Nun joke cab driver




















Share: Facebook Email Tweet. Latest Jokes. Best Jokes. Past Winners. Sign Up. Sign Up Signup with Facebook. Email Address. But I needed to keep going. You see with mice, you need to see their guts to know their dead. Some of his demigods had come to listen to the story. Guts and all were splattered for all to see.

The kids had lost their mind at this point. Tears everywhere. A crowd had gathered as well, all screaming at the sight. It was at this point though, that the exertion caught up with me. I felt my heart give way. I must have suffered a heart attack.

The Devil pulled up a phone from thin air and dialed a number. His story checks out. Must have been a mix up. He gave the old man a silent celebratory thumbs up as the voice continued.

The Priest, the Rabbi and the Monk. A priest, a rabbi and a Buddhist monk get arrested for illegal gambling. They get in front of the judge. He starts questioning the priest first, "Did you play poker yesterday? Did YOU play poker yesterday? He smiles at the judge and asks "How could I possibly play poker all by myself? A Desperate Prayer. A grandfather takes his grandchildren to the beach.

Panicked, the grandfather prays to God. Please let him live, in your mercy. I'll do anything and worship you forever! He scoops him up in a huge hug, crying with relief. The Retiring Rabbi. A rabbi is planning on retiring from his main occupation, which is giving circumcisions.

Over the years he's saved up all the foreskins from all the circumcisions he's taken part in. He looks at them and decides to take them to the local leatherworker to see if something can be made of them. The rabbi explains that he'd like to have a retirement gift made out of the foreskins and the leatherworker agrees and tells the rabbi to come back in a couple weeks.

A couple weeks later the rabbi comes back and the leatherworker hands him a wallet. The leatherworker replies, "Don't fret, if you rub it a bit it becomes a suitcase. How to Meet the Pope. A catholic man's lifelong dream was to meet the pope. For years and years, he scrimped, scrounged, and planned his lavish trip to Italy.
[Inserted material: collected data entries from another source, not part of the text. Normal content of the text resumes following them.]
Theorem mainTheorem2
  (p : nat) (k : closedFieldType) (F : fieldType) (iota : {rmorphism k -> F})
  (x : F) (gT : finGroupType) (G : {group gT}) (act : gT -> F -> F)
  (v : F -> int) (t : F) (h : nat) (b n : nat -> nat) (fb : nat -> F)
  (a : nat -> nat -> k) (D : nat -> F) (terms : nat -> seq (k * seq nat)) :
  (* k algebraically closed of characteristic p >= 5 *)
  (5 <= p)%N -> p \in [pchar k] ->
  (* x transcendental over k *)
  (forall q : {poly k}, q != 0 -> (map_poly iota q).[x] != 0) ->
  (* G acts faithfully on F by field automorphisms, with fixed field k(x) *)
  (forall g, g \in G -> forall y z, act g (y + z) = act g y + act g z) ->
  (forall g, g \in G -> forall y z, act g (y * z) = act g y * act g z) ->
  (forall g, g \in G -> act g 1 = 1) ->
  (forall y, act 1%g y = y) ->
  (forall g g', g \in G -> g' \in G -> forall y, act (g * g')%g y = act g (act g' y)) ->
  (forall g, g \in G -> (forall y, act g y = y) -> g = 1%g) ->
  (forall y, fixedby act G y <-> in_kx iota x y) ->
  (* G is a p-group *)
  (p.-group G)%g ->
  (* P is a place of F with v(x) = -|G|, the unique place above P_infty *)
  is_place iota v -> v x = - (#|G|%:Z) ->
  (forall w, is_place iota w -> w x < 0 -> forall y, y != 0 -> w y = v y) ->
  (* every place above a finite place of k(x) is unramified *)
  (forall w, is_place iota w -> 0 <= w x ->
     exists y, [/\ in_kx iota x y, y != 0 & w y = 1]) ->
  (* t is a uniformizer at P *)
  t != 0 -> v t = 1 ->
  (* G equals its first ramification group *)
  ramgrp G act v t 1 = G ->
  (* b_1 < ... < b_{h-1} are exactly the jumps of the lower filtration *)
  (forall i j, (1 <= i)%N -> (i < j)%N -> (j <= h - 1)%N -> (b i < b j)%N) ->
  (forall j, ramgrp G act v t j != ramgrp G act v t j.+1 <->
     exists2 i, (1 <= i <= h - 1)%N & j = b i) ->
  (* [G_{b_i} : G_{b_{i+1}}] = p^{n_i}, with G_{b_h} = 1 *)
  (forall i, (1 <= i <= h - 1)%N ->
     #|Gb G act v t h b i| = (p ^ n i * #|Gb G act v t h b i.+1|)%N) ->
  (* the generators fb_i *)
  (forall i, (1 <= i <= h - 1)%N ->
     [/\ fb i != 0,
         fixedby act (Gb G act v t h b i.+1) (fb i),
         (forall y, fixedby act (Gb G act v t h b i.+1) y <->
            exists cs : seq F, (forall c, c \in cs -> fixedby act (Gb G act v t h b i) c)
              /\ y = \sum_(j < size cs) cs`_j * fb i ^+ j),
         (forall w, is_place iota w -> (exists y, y != 0 /\ w y != v y) -> 0 <= w (fb i)) &
         v (fb i) = - ((p ^ (\sum_(i.+1 <= j < h) n j) * b i)%N)%:Z]) ->
  (* minimal polynomial of fb_i over F_i *)
  (forall i, (1 <= i <= h - 1)%N ->
     [/\ fixedby act (Gb G act v t h b i) (D i),
         root (addpol iota p n a D i) (fb i) &
         (forall q : {poly F}, q != 0 ->
            (forall j, fixedby act (Gb G act v t h b i) q`_j) ->
            root q (fb i) -> (size (addpol iota p n a D i) <= size q)%N)]) ->
  (* D_i is a sum of monomials in x, fb_1, ..., fb_{i-1} with distinct valuations *)
  (forall i, (1 <= i <= h - 1)%N ->
     [/\ D i = \sum_(tm <- terms i) monom iota x fb i tm,
         (forall tm, tm \in terms i ->
            [/\ tm.1 != 0, size tm.2 = i &
                forall j, (1 <= j < i)%N -> (nth 0%N tm.2 j < p ^ n j)%N]),
         uniq [seq tm.2 | tm <- terms i] &
         (forall tm1 tm2, tm1 \in terms i -> tm2 \in terms i -> tm1.2 != tm2.2 ->
            v (monom iota x fb i tm1) != v (monom iota x fb i tm2))]) ->
  (* conclusion: for min D_i = a_i x^{nu_0} fb_1^{nu_1} ... fb_{i-1}^{nu_{i-1}} *)
  forall i, (2 <= i <= h - 1)%N ->
  forall (ai : k) (nu : seq nat), (ai, nu) \in terms i ->
  (forall tm, tm \in terms i -> v (monom iota x fb i (ai, nu)) <= v (monom iota x fb i tm)) ->
  b i = (nth 0 nu 0 * p ^ (\sum_(1 <= j < i) n j)
         + \sum_(1 <= j < i) nth 0 nu j * p ^ (\sum_(j.+1 <= l < i) n l) * b j)%N.
Proof.
move=> p5 _ transc _ _ _ _ _ _ _ _ vP vx _ _ _ _ G1 b_incr jumpsP card_GbS fbP minP DP.
move=> i /andP[i2 ih] ai nu min_in min_le.
have i_range : (1 <= i <= h - 1)%N by rewrite ih (ltnW i2).
have [D_sum D_terms D_uniq D_distinct] := DP i i_range.
have [_ fb_root _] := minP i i_range.
have fb_ok j : (1 <= j < i)%N -> (1 <= j <= h - 1)%N.
  by case/andP=> j1 ji; rewrite j1 (leq_trans (ltnW ji)).
have x0 : x != 0 by have := transc 'X (negbT (polyX_eq0 _)); rewrite map_polyX hornerX.
have [ai0 _ _] := D_terms _ min_in.
have cardG : #|G| = (p ^ (\sum_(1 <= j < h) n j))%N.
  by apply: (card_ramified_group b_incr jumpsP card_GbS) => //; lia.
have fb0 j : (1 <= j < i)%N -> fb j != 0.
  by move=> /fb_ok jh; have [] := fbP j jh.
have vfb j : (1 <= j < i)%N -> v (fb j) = - (p ^ (\sum_(j.+1 <= l < h) n l) * b j)%N%:Z.
  by move=> /fb_ok jh; have [] := fbP j jh.
have [fbi0 _ _ _ vfbi] := fbP i i_range.
have p1 : (1 < p)%N by lia.
have vD : v (D i) = v (fb i) * (p ^ n i)%N%:Z.
  apply: (valuation_additive_root (a := a i) vP p1 fbi0 _ fb_root).
  rewrite vfbi oppr_lt0 ltz_nat muln_gt0 expn_gt0 (ltnW p1) /=.
  exact: leq_ltn_trans (leq0n (b 1)) (b_incr 1 i (leqnn 1) i2 ih).
have [vM v_ultra _ _] := vP.
move: vD; rewrite D_sum (valuation_sum_distinct vM v_ultra D_uniq min_in) ?monom_neq0 //.
rewrite (valuation_monom x0 ai0 fb0 vP vx vfb) cardG vfbi mulNr -PoszM.
move=> /oppr_inj/eqP; rewrite eqz_nat eq_sym => /eqP scaled.
apply: (jump_of_scaled_eq (nu := nth 0 nu) _ _ scaled); first lia.
by rewrite (ltnW i2); lia.
Qed.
Wanting to look his best for the pontiff, he had a custom-fitted suit tailored to his exact measurements and bought the finest Italian leather boots money could buy. The next morning he awoke before the dawn to make his way to Vatican City to meet the pope on his morning walk through his crowd of devout followers. He pushed his way to the front of the crowd, wanting to get as close to the Holy Father as possible.

The grand doors opened and the pope emerged, greeting his followers, shaking hands, and offering blessings. The man caught the pope's eye, and the pope smiled and started walking towards him. Email this joke.

Join the mailing list. More Jokes You are here: Spoof News Jokes the taxi driver and the nun. I'm sure that there's nothing you could say or ask that I would find offensive. But first, you have to be single and you must be Catholic. But when they get back on the road, the cab driver starts crying.

I lied. I must confess, I'm married and I'm Jewish. Currently 6. Joke of the day - A cab driver picks up a nun Funny joke of the day is carefully selected joke.